🤖 AI Summary
Address translation remains a critical performance bottleneck in modern systems, primarily due to the unpredictable nature of virtual-to-physical address (VA→PA) mappings. Existing solutions either rely on large pages or contiguous mappings—whose availability cannot be guaranteed—or incur prohibitive hardware modification costs with marginal gains. This paper proposes a software–hardware co-designed predictive address translation mechanism: the OS implements hash-driven memory allocation to establish predictable VA–PA mappings, while the hardware integrates a lightweight speculative engine enabling concurrent prefetching of data and multi-level page table entries. Crucially, our approach eliminates dependence on large pages or memory contiguity assumptions, substantially reducing TLB miss penalties. Evaluated across 11 data-intensive benchmarks, it achieves 27% average speedup in native execution and 20% in virtualized environments, with a 9% improvement in energy efficiency. RTL validation confirms minimal hardware overhead.
📝 Abstract
Address translation is a major performance bottleneck in modern computing systems. Speculative address translation can hide this latency by predicting the physical address (PA) of requested data early in the pipeline.
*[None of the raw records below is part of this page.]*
Lemma q_route_ge (C : {set T}) u v w :
  route C u v w -> exists2 n, q e C u v = Some n & size w < n.
Proof.
case: w => [|a t]; first by rewrite /route andbF.
rewrite route_cons => /and3P [eua cp elv].
have /and4P [_ _ _ /and3P [uat Cat _]] := cp.
have aN : a \in NC e C u by rewrite inE eua andbT; apply: (allP Cat); rewrite mem_head.
have lN : last a t \in NC e C v.
  by rewrite inE e_sym elv andbT; apply: (allP Cat); rewrite mem_last.
rewrite /q; have -> : (NC e C u == set0) = false by apply/negbTE/set0Pn; exists a.
have -> : (NC e C v == set0) = false by apply/negbTE/set0Pn; exists (last a t).
case: ifP => [_|_]; first case: ifP => [/andP [/eqP NCuv /cards1P [x NCx]]|_].
- exists 2 => //; move: aN lN uat; rewrite -NCuv NCx !inE => /eqP -> /eqP.
  by case: t {cp Cat elv} => //= y t lx /andP [+ _]; rewrite -{1}lx mem_last.
- exists #|C|.+1 => //; rewrite ltnS -(card_uniqP uat).
  by apply: subset_leq_card; apply/subsetP => y /(allP Cat).
- exists (2 + \max_(a0 in NC e C u) \max_(b in NC e C v) tpath_len e C a0 b) => //.
  rewrite add2n /= !ltnS; apply: (bigmax_sup a) => //.
  exact: (bigmax_sup (last a t)) (tpath_len_ge cp).
Qed.

Lemma q_route (C : {set T}) u v n : is_clique e C \/ is_tree e C ->
  q e C u v = Some n -> exists2 w, route C u v w & n <= (size w).+1.
Proof.
move=> shape; rewrite /q; case: ifP => // /norP [NCu NCv].
case: ifP => [clC|nclC].
  case: ifP => [/andP [/eqP NCuv /cards1P [x NCx]] [<-]|not1 [<-]].
    have := set11 x; rewrite -{1}NCx => /setIdP [xC eux].
    have := set11 x; rewrite -NCx NCuv => /setIdP [_ evx].
    by exists [:: x]; rewrite // /route /= eux e_sym evx xC.
  have [a [b [aN bN ab]]] := exists_distinct_mem2 NCu NCv (negbT not1).
  move: aN bN; rewrite !inE => /andP [aC eua] /andP [bC evb].
  have [w rw szw] := clique_route clC aC bC ab eua (etrans (e_sym b v) evb).
  by exists w; rewrite ?szw.
have [clC|[_ connC _]] := shape; first by rewrite clC in nclC.
move=> [<-].
have [a aN ->] := eq_bigmax_cond (fun a => \max_(b in NC e C v) tpath_len e C a b)
  (etrans (card_gt0 _) NCu).
have [b bN ->] := eq_bigmax_cond (tpath_len e C a) (etrans (card_gt0 _) NCv).
move: aN bN; rewrite !inE => /andP [aC eua] /andP [bC evb].
have [t cp len] := tpath_len_path aC (connC a b aC bC).
have /and3P [_ /eqP /= lb _] := cp.
exists (a :: t); first by rewrite route_cons eua lb cp e_sym evb.
by rewrite add2n /= !ltnS.
Qed.

End Routes.

Section Fragments.
Variable A : eqType.

(* a cycle cut at some of its vertices: [(v_i, w_i)] is the cut vertex [v_i]
   followed by the internal vertices [w_i] of the fragment leaving it *)
Definition frag_seq (fr : seq (A * seq A)) : seq A := flatten [seq x.1 :: x.2 | x <- fr].

Definition frag_spans (fr : seq (A * seq A)) : seq ((A * A) * seq A) :=
  zip (zip (map fst fr) (rot 1 (map fst fr))) (map snd fr).

Lemma frag_seq_cons u w fr : frag_seq ((u, w) :: fr) = u :: w ++ frag_seq fr.
Proof. by []. Qed.

Lemma head_frag_seq d fr : head d (frag_seq fr) = head d (map fst fr).
Proof. by case: fr => [|[]]. Qed.

Lemma frag_seq_rot n fr :
  frag_seq (rot n fr) = rot (size (frag_seq (take n fr))) (frag_seq fr).
Proof. by rewrite /frag_seq map_rot flatten_rot map_take. Qed.

Lemma frag_spans_rot n fr : frag_spans (rot n fr) = rot n (frag_spans fr).
Proof.
rewrite /frag_spans !map_rot rot_rot zip_rot ?size_rot // zip_rot //.
by rewrite size_zip !size_rot !size_map minnn.
Qed.

Lemma frag_spans_cons u w fr : frag_spans ((u, w) :: fr) =
  ((u, head u (map fst fr)), w) ::
    zip (zip (map fst fr) (behead (rcons (map fst fr) u))) (map snd fr).
Proof. by rewrite /frag_spans /= rot1_cons; case: fr => [|[]]. Qed.

Lemma subseq_frag_seq fr : subseq (map fst fr) (frag_seq fr).
Proof.
elim: fr => //= x fr IHfr; rewrite eqxx.
exact: subseq_trans IHfr (suffix_subseq _ _).
Qed.

Lemma mem_frag_seq y fr : y \in frag_seq fr ->
  y \in map fst fr \/ exists2 x, x \in fr & y \in x.2.
Proof.
elim: fr => //= -[v w] fr IHfr; rewrite frag_seq_cons inE mem_cat /=.
case/or3P=> [yv | yw | /IHfr [yfr | [x xfr yx]]].
- by left; rewrite inE yv.
- by right; exists (v, w); rewrite ?inE ?eqxx.
- by left; rewrite inE yfr orbT.
- by right; exists x; rewrite ?inE ?xfr ?orbT.
Qed.

Lemma sorted_frag_seq (e : rel A) fr x :
  sorted e (frag_seq fr) -> x \in fr -> path e x.1 x.2.
Proof.
elim: fr => // -[v w] fr IHfr; rewrite frag_seq_cons /= cat_path.
case/andP=> vw /path_sorted wfr; rewrite inE => /predU1P [-> // | xfr].
exact: IHfr wfr xfr.
Qed.

Lemma cycle_cons_cat (e : rel A) x p s : cycle e (x :: p ++ s) =
  path e x (rcons p (head x s)) && path e (head x s) (behead (rcons s x)).
Proof. by case: s => [|y s]; rewrite /= rcons_cat cat_path !rcons_path /= ?andbT ?andbA. Qed.

Fixpoint split_frags (a : pred A) (s : seq A) : seq A * seq (A * seq A) :=
  if s is x :: t then
    let: (p, fr) := split_frags a t in
    if a x then ([::], (x, p) :: fr) else (x :: p, fr)
  else ([::], [::]).

Lemma split_fragsP (a : pred A) s :
  [/\ (split_frags a s).1 ++ frag_seq (split_frags a s).2 = s,
      map fst (split_frags a s).2 = filter a s,
      all (predC a) (split_frags a s).1 &
      all (fun x => all (predC a) x.2) (split_frags a s).2].
Proof.
elim: s => //= x t; case: (split_frags a t) => p fr /= [<- <- pa fra].
by case: ifP => ax /=; rewrite ?ax ?pa ?fra.
Qed.

End Fragments.

Section Labelling.
Variables (T : finType) (e : rel T) (S : {set T}) (k : nat).
Variable lab : T -> T -> {set {set T}}.
Hypotheses (e_sym : symmetric e) (card_S : #|S| = k).
Hypothesis comp_shape : forall C, C \in components e S -> is_clique e C \/ is_tree e C.
Hypothesis lab_valid : valid_labeling e S k lab.

Lemma lab_components u v C :
  u \in S -> v \in S -> C \in lab u v -> C \in components e S.
Proof.
move=> uS vS Clab; have [/subsetP/(_ C Clab)] := lab_valid uS vS.
by rewrite inE => /andP [].
Qed.

Lemma exists_unused_label u v C0 (cs : seq {set T}) :
  u \in S -> v \in S -> C0 \in components e S -> qpos (q e C0 u v) ->
  C0 \notin lab u v -> size cs < k ->
  exists2 C, C \in lab u v & C \notin cs /\ qle (q e C0 u v) (q e C u v).
Proof.
move=> uS vS C0comp C0pos C0lab szcs; have [lab_cand card_lab lab_max] := lab_valid uS vS.
have C0cand : C0 \in [set C in components e S | qpos (q e C u v)] by rewrite inE C0comp.
(* [C0] is a candidate left out of [lab u v], so the labelling took [k] components *)
have card_lab_k : #|lab u v| = k.
  have : #|lab u v| < #|[set C in components e S | qpos (q e C u v)]|.
    by apply: proper_card; apply/properP; split => //; exists C0.
  by move: card_lab; rewrite /minn; case: ifP => // _ ->; rewrite ltnn.
have /subsetPn [C Clab Ccs] : ~~ (lab u v \subset cs).
  apply/negP => /subset_leq_card; rewrite card_lab_k => /leq_trans/(_ (card_size cs)).
  by rewrite leqNgt szcs.
by exists C => //; split => //; apply: lab_max.
Qed.

Lemma exists_labelled_route u v C0 w (cs : seq {set T}) :
  u \in S -> v \in S -> C0 \in components e S -> route e C0 u v w ->
  C0 \notin lab u v -> size cs < k ->
  exists C w', [/\ C \in lab u v, C \notin cs, route e C u v w' & size w <= size w'].
Proof.
move=> uS vS C0comp rw C0lab szcs; have [n0 qC0 lt_w_n0] := q_route_ge e_sym rw.
have C0pos : qpos (q e C0 u v) by rewrite qC0 /= (leq_ltn_trans (leq0n _) lt_w_n0).
have [C Clab [Ccs]] := exists_unused_label uS vS C0comp C0pos C0lab szcs.
have Ccomp := lab_components uS vS Clab.
rewrite qC0; case qC: (q e C u v) => [n|] //= le_n0n.
have [w' rw' le_nw'] := q_route e_sym (comp_shape Ccomp) qC.
exists C, w'; split => //.
by rewrite -ltnS (leq_trans lt_w_n0 (leq_trans le_n0n le_nw')).
Qed.

Definition frag_cycle (fr : seq (T * seq T)) : bool :=
  [&& all (fun x => x.1 \in S) fr, all (fun x => all (fun y => y \notin S) x.2) fr,
      uniq (frag_seq fr) & cycle e (frag_seq fr)].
However, predicting the PA from the virtual address (VA) is difficult due to the unpredictability of VA-to-PA mappings in conventional OSes. Prior works try to overcome this but face two key issues: (i) reliance on large pages or VA-to-PA contiguity, which is not guaranteed, and (ii) costly hardware changes to store speculation metadata with limited effectiveness.
We introduce Revelator, a hardware-OS cooperative scheme enabling highly accurate speculative address translation with minimal modifications. Revelator employs a tiered hash-based allocation strategy in the OS to create predictable VA-to-PA mappings, falling back to conventional allocation when needed. On a TLB miss, a lightweight speculation engine, guided by this policy, generates candidate PAs for both program data and last-level page table entries (PTEs). Thus, Revelator (i) speculatively fetches requested data before translation resolves, reducing access latency, and (ii) fetches the fourth-level PTE before the third-level PTE is accessed, accelerating page table walks.
We prototype Revelator's OS support in Linux and evaluate it in simulation across 11 diverse, data-intensive benchmarks in native and virtualized environments. Revelator achieves average speedups of 27% (20%) in native (virtualized) settings, surpasses a state-of-the-art speculative mechanism by 5%, and reduces energy use by 9% compared to baseline. Our RTL prototype shows minimal area and power overheads on a modern CPU.